Thanks for the post.

Penrose doesn't mention it ie the issue with gravity and normal ordering. Normal ordering is what I have gleaned from studying QFT. I have studied a few books - the ones I mentioned that I was not happy with plus some I am eg:
https://www.amazon.com/dp/019969933X/?tag=pfamazon01-20
https://www.amazon.com/dp/0984513957/?tag=pfamazon01-20

I wanted to move onto Weinberg, I have the books, but wanted a bridge, so I got Zee. I found some parts good other parts - well not so good - but I felt at the end of the day it wasn't the book to get me to Weinberg. I now have - Srednicki - which a regular poster/science adviser here (Vanhees) who teaches it thinks could be a good bridge. Like all things - especially as you get older - it just takes time.

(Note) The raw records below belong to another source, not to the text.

(* Let $S$ be a powerful multiset over a finite set $E$ such that $r_S(X)\le |X|$ for all $X\subseteq E$. Then $S$ is (isomorphic to) a linear powerful set.
   Context: A multiset over $E$ has indicator function $f:2^E\to\mathbb{Z}_{\ge0}$ giving multiplicities, with $f(\emptyset)\neq0$ assumed; its rank function is $r_S(X)=\log_2\Big(\sum_{Y\subseteq E} f(Y)\big/\sum_{Y\subseteq E\setminus X} f(Y)\Big)$, and $S$ is a powerful multiset if $r_S(X)\in\mathbb{Z}$ for all $X\subseteq E$. Two powerful multisets with indicator functions $f_1,f_2$ on ground sets $E_1,E_2$ are isomorphic if there is a bijection $\phi:E_1\to E_2$ and $\alpha\in\mathbb{R}\setminus\{0\}$ with $f_1(X)=\alpha f_2(\phi(X))$ for all $X$. A powerful set is a set $S\subseteq 2^E$ such that for every $X\subseteq E$ the number of members of $S$ contained in $X$ is a power of 2; it is linear if it is a binary linear space, i.e. $\emptyset\in S$ and $S$ is closed under symmetric difference. *)

From Stdlib Require Import Reals.
From mathcomp Require Import all_boot.
Set Implicit Arguments. Unset Strict Implicit. Unset Printing Implicit Defensive.

Definition multiset (E : finType) := {set E} -> nat.

Definition msum (E : finType) (f : multiset E) : nat :=
  \sum_(Y : {set E}) f Y.

Definition msum_avoid (E : finType) (f : multiset E) (X : {set E}) : nat :=
  \sum_(Y : {set E} | Y \subset ~: X) f Y.

Definition log2 (x : R) : R := Rdiv (ln x) (ln (INR 2)).

Definition rank (E : finType) (f : multiset E) (X : {set E}) : R :=
  log2 (Rdiv (INR (msum f)) (INR (msum_avoid f X))).

Definition powerful_multiset (E : finType) (f : multiset E) : Prop :=
  forall X : {set E}, exists z : Z, rank f X = IZR z.

Definition powerful_set (E : finType) (S : {set {set E}}) : Prop :=
  forall X : {set E}, exists k : nat, #|[set Y in S | Y \subset X]| = 2 ^ k.

Definition symdiff (E : finType) (A B : {set E}) : {set E} :=
  (A :\: B) :|: (B :\: A).

Definition linear_set (E : finType) (S : {set {set E}}) : Prop :=
  set0 \in S /\ forall A B, A \in S -> B \in S -> symdiff A B \in S.

Definition set_indicator (E : finType) (S : {set {set E}}) : multiset E :=
  fun X => if X \in S then 1 else 0.

Definition ms_isomorphic (E1 E2 : finType) (f1 : multiset E1)
    (f2 : multiset E2) : Prop :=
  exists (phi : E1 -> E2) (alpha : R), bijective phi /\ alpha <> R0 /\
    forall X : {set E1}, INR (f1 X) = Rmult alpha (INR (f2 (phi @: X))).

(* Write N for the total mass of f and N_X for the mass of the members
   avoiding X; the hypotheses say N = 2^k N_X with k <= |X|.  The Walsh
   coefficients F(s) = sum_Y f(Y) (-1)^|s :&: Y| satisfy
   sum_(t <= s) F(t) = 2^|s| N_s = 2^(|s|-k) N, so by induction on |s| every
   F(s) is a multiple of N; as -N < F(s) <= N (the term Y = set0 is positive),
   F(s) is 0 or N.  F(s) = N forces (-1)^|s :&: Y| = 1 on the support of f, so
   Fourier inversion shows that f equals f(set0) on its support and on
   symmetric differences of support members: the support is a binary linear
   space and f is f(set0) times its indicator.  Finally
   N_(~: X) = f(set0) * #{support members inside X} while N = 2^k f(set0), so
   that number divides a power of 2. *)

From Stdlib Require Import Reals Lra Psatz ZArith.
From mathcomp Require Import all_boot all_algebra zify.
Import GRing.Theory Num.Theory.

Set Implicit Arguments.
Unset Strict Implicit.
Unset Printing Implicit Defensive.

Section Masses.
Variables (E : finType) (f : multiset E).
Implicit Types X : {set E}.

Lemma msum_avoid_gt0 X : f set0 != 0 -> 0 < msum_avoid f X.
Proof.
move=> f0; rewrite /msum_avoid (bigD1 set0) ?sub0set //=.
by rewrite addn_gt0 lt0n f0.
Qed.

Lemma msum_avoid_le X : msum_avoid f X <= msum f.
Proof. by rewrite /msum (bigID (fun Y : {set E} => Y \subset ~: X)) leq_addr. Qed.

Lemma msum_avoid_setT : msum_avoid f setT = f set0.
Proof.
rewrite /msum_avoid setCT (big_pred1 set0) // => Y.
by rewrite subset0.
Qed.

Definition msupport : {set {set E}} := [set Y | f Y != 0].

(* [k] is the rank [r_S(X)]. *)
Definition bounded_dyadic_rank : Prop :=
  forall X, exists2 k, k <= #|X| & msum f = 2 ^ k * msum_avoid f X.

End Masses.

Section RankExponent.
Local Open Scope R_scope.

Lemma INR_expn (m n : nat) : INR (m ^ n) = pow (INR m) n.
Proof. by elim: n => [|n IHn] //=; rewrite expnS -multE mult_INR IHn. Qed.

Lemma log2_ratio_IZR (N g : nat) (z : Z) : (0 < g)%N -> (g <= N)%N ->
  log2 (INR N / INR g) = IZR z -> exists k, N = (2 ^ k * g)%N /\ IZR z = INR k.
Proof.
move=> /ltP g_gt0 /leP g_le_N.
have two : INR 2 = 2 by rewrite /=; lra.
rewrite /log2 two => log2_z.
have g_pos : 0 < INR g by apply: lt_0_INR.
have ln2_pos : 0 < ln 2 by have := ln_lt_2; lra.
have ln_z : ln (INR N / INR g) = IZR z * ln 2.
  by rewrite -log2_z; field; lra.
have ratio_ge1 : 1 <= INR N / INR g.
  apply: (Rmult_le_reg_r (INR g)) => //; field_simplify; [exact: le_INR | lra].
have z_ge0 : Z.le 0 z.
  apply: le_0_IZR; apply: Rnot_lt_le => z_neg.
  suff : INR N / INR g < 1 by lra.
  by apply: ln_lt_inv; [lra | lra | rewrite ln_1 ln_z; nra].
have z_nat : IZR z = INR (Z.to_nat z) by rewrite INR_IZR_INZ Z2Nat.id.
exists (Z.to_nat z); split=> //; apply: INR_eq.
have -> : INR N = INR N / INR g * INR g by field; lra.
rewrite -multE mult_INR INR_expn two; congr (_ * _).
apply: ln_inv; [lra | apply: pow_lt; lra |].
by rewrite ln_pow ?ln_z ?z_nat //; lra.
Qed.

Lemma powerful_bounded_dyadic_rank (E : finType) (f : multiset E) :
  f set0 != 0%N -> powerful_multiset f ->
  (forall X, rank f X <= INR #|X|) -> bounded_dyadic_rank f.
Proof.
move=> f0 f_pow rank_le X; have [z rank_z] := f_pow X.
have [k [msumE z_k]] := log2_ratio_IZR (msum_avoid_gt0 X f0) (msum_avoid_le f X) rank_z.
by exists k => //; apply/leP/INR_le; rewrite -z_k -rank_z.
Qed.

End RankExponent.

Local Open Scope ring_scope.

Lemma sum_subset_prod (R : comPzSemiRingType) (I : finType) (X : {set I}) (a : I -> R) :
  \sum_(s : {set I} | s \subset X) \prod_(i in s) a i = \prod_(i in X) (1 + a i).
Proof.
pose b i := if i \in X then a i else 0.
rewrite [RHS]big_mkcond (eq_bigr (fun i => b i + 1)) => [|i _]; last first.
  by rewrite /b; case: ifP; rewrite ?add0r // addrC.
rewrite bigA_distr big_mkcond /=; apply: eq_bigr => s _.
case: ifPn => [sX | /subsetPn[i si iNX]].
  rewrite -big_mkcond; apply: eq_bigr => i si.
  by rewrite /b (subsetP sX).
by rewrite (bigD1 i) //= si /b (negbTE iNX) mul0r.
Qed.

Section WalshTransform.
Variable E : finType.
Implicit Types s A B X Y Z : {set E}.

Definition chi s Y : int := \prod_(x in s) (-1) ^+ (x \in Y).

Lemma chi_pm1 s Y : chi s Y = 1 \/ chi s Y = -1.
Proof.
apply: (big_ind (fun v : int => v = 1 \/ v = -1)); first by left.
  by move=> a b [->|->] [->|->]; rewrite ?mulr1 ?mulrN1 ?opprK; auto.
by move=> x _; case: (x \in Y); auto.
Qed.

Lemma chis0 s : chi s set0 = 1.
Proof. by rewrite /chi big1 // => x _; rewrite in_set0. Qed.

Lemma chi_symdiff s A B : chi s A * chi s B = chi s (symdiff A B).
Proof.
rewrite /chi -big_split; apply: eq_bigr => x _ /=.
by rewrite -signr_addb /symdiff !inE; case: (x \in A); case: (x \in B).
Qed.

Lemma symdiff_eq0 A B : (symdiff A B == set0) = (A == B).
Proof.
apply/eqP/eqP => [AB0 | ->]; last by apply/setP => x; rewrite !inE; case: (x \in B).
apply/setP => x; have /setP/(_ x) := AB0.
by rewrite !inE; case: (x \in A); case: (x \in B).
Qed.

Lemma sum_chi_subset X Y :
  \sum_(s : {set E} | s \subset X) chi s Y = if Y \subset ~: X then 2 ^+ #|X| else 0.
Proof.
rewrite sum_subset_prod; case: ifPn => [YX | /subsetPn[x xY]].
  rewrite -prodr_const; apply: eq_bigr => x xX.
  have xNY : x \notin Y by apply: contraL xX => /(subsetP YX); rewrite inE.
  by rewrite (negbTE xNY).
rewrite inE negbK => xX.
by rewrite (bigD1 x) //= xY expr1 addrN mul0r.
Qed.

Lemma sum_chi Y : \sum_(s : {set E}) chi s Y = if Y == set0 then 2 ^+ #|E| else 0.
Proof.
rewrite -cardsT -(eq_bigl _ _ (fun s => subsetT s)) sum_chi_subset.
by rewrite setCT subset0.
Qed.

Definition walsh (f : {set E} -> nat) s : int := \sum_Y (f Y)%:Z * chi s Y.

Section Walsh.
Variable f : {set E} -> nat.

Lemma Posz_msum : (msum f)%:Z = \sum_Y (f Y)%:Z.
Proof. by rewrite -natz natr_sum; apply: eq_bigr => Y _; rewrite natz. Qed.

Lemma sum_walsh_subset X :
  \sum_(s : {set E} | s \subset X) walsh f s = 2 ^+ #|X| * (msum_avoid f X)%:Z.
Proof.
rewrite exchange_big /=.
under eq_bigr do rewrite -mulr_sumr sum_chi_subset (fun_if (GRing.mul _)) mulr0.
rewrite -big_mkcond /= -mulr_suml mulrC -natz natr_sum.
by congr (_ * _); apply: eq_bigr => Y _; rewrite natz.
Qed.

Lemma walsh_le_msum s : walsh f s <= msum f.
Proof.
by rewrite Posz_msum; apply: ler_sum => Y _; case: (chi_pm1 s Y) => ->; lia.
Qed.

Lemma walsh_gt_opp_msum s : f set0 != 0%N -> - (msum f)%:Z < walsh f s.
Proof.
move=> f0; rewrite -subr_gt0 opprK Posz_msum /walsh -big_split /=.
rewrite (bigD1 set0) //= chis0 ltr_wpDr //.
  by apply: sumr_ge0 => Y _; case: (chi_pm1 s Y) => ->; lia.
by move: f0; lia.
Qed.

Lemma walsh_eq_msum_chi s Y : walsh f s = msum f -> f Y != 0%N -> chi s Y = 1.
Proof.
move=> /eqP; rewrite eq_sym -subr_eq0 Posz_msum /walsh -sumrB /= => /eqP sum0.
have term_ge0 Z : true -> 0 <= (f Z)%:Z - (f Z)%:Z * chi s Z.
  by move=> _; case: (chi_pm1 s Z) => ->; lia.
have /(_ Y isT) := psumr_eq0P term_ge0 sum0.
by case: (chi_pm1 s Y) => ->; lia.
Qed.

Lemma walsh_inversion Z :
  \sum_(s : {set E}) walsh f s * chi s Z = 2 ^+ #|E| * (f Z)%:Z.
Proof.
under eq_bigr do rewrite mulr_suml.
rewrite exchange_big /=.
under eq_bigr do under eq_bigr do rewrite -mulrA chi_symdiff.
under eq_bigr do rewrite -mulr_sumr sum_chi symdiff_eq0.
rewrite (bigD1 Z) //= eqxx big1 ?addr0 => [|Y /negbTE ->]; last by rewrite mulr0.
by rewrite mulrC.
Qed.
End Walsh.

Section BoundedDyadicRank.
Variable f : multiset E.
Hypotheses (f0 : f set0 != 0%N) (f_dyadic : bounded_dyadic_rank f).

Lemma msum_gt0 : (0 < msum f)%N.
Proof. exact: leq_trans (msum_avoid_gt0 set0 f0) (msum_avoid_le f set0). Qed.

Lemma msum_dvd_walsh s : ((msum f)%:Z %| walsh f s)%Z.
Proof.
have [n] := ubnP #|s|; elim: n s => // n IHn s /ltnSE le_s_n.
have [k le_k_s msumE] := f_dyadic s.
have := sum_walsh_subset f s; rewrite (bigD1 s) //= => sum_s.
have -> : walsh f s = 2 ^+ (#|s| - k) * (msum f)%:Z
                      - \sum_(t : {set E} | (t \subset s) && (t != s)) walsh f t.
  by rewrite msumE PoszM -[Posz (2 ^ k)]natz natrX mulrA -exprD subnK // -sum_s addrK.
rewrite rpredB ?dvdz_mull // rpred_sum // => t /andP[ts tNs].
apply: IHn; apply: leq_trans le_s_n; apply: proper_card.
by rewrite properEneq tNs.
Qed.

Lemma walsh_eq0_or_msum s : walsh f s = 0 \/ walsh f s = msum f.
Proof.
have /dvdzP[q walshE] := msum_dvd_walsh s.
have N_gt0 : 0 < (msum f)%:Z by rewrite ltz_nat msum_gt0.
have q_le1 : q <= 1.
  by rewrite -(ler_pM2r N_gt0) mul1r -walshE walsh_le_msum.
have q_gtN1 : -1 < q.
  by rewrite -(ltr_pM2r N_gt0) mulN1r -walshE walsh_gt_opp_msum.
rewrite walshE; have [->|->] : q = 0 \/ q = 1 by lia.
  by left; rewrite mul0r.
by right; rewrite mul1r.
Qed.

Lemma eq_f0_of_chi_spectrum Z :
  (forall s, walsh f s = msum f -> chi s Z = 1) -> f Z = f set0.
Proof.
move=> chi_Z; have pow2_neq0 : 2 ^+ #|E| != 0 :> int by rewrite expf_neq0.
apply/eqP; rewrite -eqz_nat; apply/eqP/(mulfI pow2_neq0); rewrite -!walsh_inversion.
apply: eq_bigr => s _; rewrite chis0.
by case: (walsh_eq0_or_msum s) => [-> | /chi_Z ->]; rewrite ?mul0r.
Qed.

Lemma support_eq_f0 Z : f Z != 0%N -> f Z = f set0.
Proof. by move=> fZ; apply: eq_f0_of_chi_spectrum => s /walsh_eq_msum_chi; apply. Qed.

Lemma msupport_linear : linear_set (msupport f).
Proof.
split=> [|A B]; rewrite !inE // => fA fB.
rewrite (@eq_f0_of_chi_spectrum (symdiff A B)) // => s walsh_s.
by rewrite -chi_symdiff !(walsh_eq_msum_chi walsh_s) ?mulr1.
Qed.

End BoundedDyadicRank.
End WalshTransform.

Section ConstantOnSupport.
Variables (E : finType) (f : multiset E).
Hypotheses (f0 : f set0 != 0%N) (f_const : forall Z, f Z != 0%N -> f Z = f set0).

Lemma msum_avoidC X :
  msum_avoid f (~: X) = (#|[set Y in msupport f | Y \subset X]| * f set0)%N.
Proof.
rewrite -sum_nat_const /msum_avoid setCK big_mkcond [RHS]big_mkcond /=.
apply: eq_bigr => Y _; rewrite !inE; case: (Y \subset X); rewrite ?andbT ?andbF //.
by case: eqP => [-> | /eqP /f_const].
Qed.

Lemma msupport_powerful : bounded_dyadic_rank f -> powerful_set (msupport f).
Proof.
move=> f_dyadic X; set m := #|_|; have f0_gt0 : (0 < f set0)%N by rewrite lt0n.
have [k _ msumT] := f_dyadic setT; rewrite msum_avoid_setT in msumT.
have [l _ msumCX] := f_dyadic (~: X); rewrite msum_avoidC -/m msumT in msumCX.
have /dvdn_pfactor[// | j _ ->] : (m %| 2 ^ k)%N.
  by apply/dvdnP; exists (2 ^ l)%N; apply/eqP; rewrite -(eqn_pmul2r f0_gt0) msumCX mulnA.
by exists j.
Qed.

Lemma ms_isomorphic_msupport : ms_isomorphic f (set_indicator (msupport f)).
Proof.
exists id, (INR (f set0)); split; [by exists id | split].
  by apply: not_0_INR; apply/eqP.
move=> X; rewrite imset_id /set_indicator inE.
by case: eqP => [-> | /eqP /f_const ->] /=; rewrite ?Rmult_0_r ?Rmult_1_r.
Qed.

End ConstantOnSupport.

Theorem theorem7 (E : finType) (f : {set E} -> nat)
  (f0 : f set0 <> 0%N)
  (Hpow : powerful_multiset f)
  (Hrk : forall X : {set E}, Rle (rank f X) (INR #|X|)) :
  exists (E' : finType) (L : {set {set E'}}),
    powerful_set L /\ linear_set L /\ ms_isomorphic f (set_indicator L).
Proof.
have f0' : f set0 != 0%N by apply/eqP.
have f_dyadic := powerful_bounded_dyadic_rank f0' Hpow Hrk.
have f_const := support_eq_f0 f0' f_dyadic.
exists E, (msupport f); split; [|split].
- exact: msupport_powerful.
- exact: msupport_linear.
- exact: ms_isomorphic_msupport.
Qed.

I wasn't aware of the issue you mentioned with GR, but my view of Quantum Gravity is a little unusual as you may have gleaned from another post I made in this thread. Need to look into what you said - sounds both complicating and interesting. Another issue with vacuum energy is they often do an arbitrary cutoff at the plank scale. Yes - I know effective field theory and all that makes it a reasonable thing - but does it really resolve the issue. For me normal ordering was the only one that did.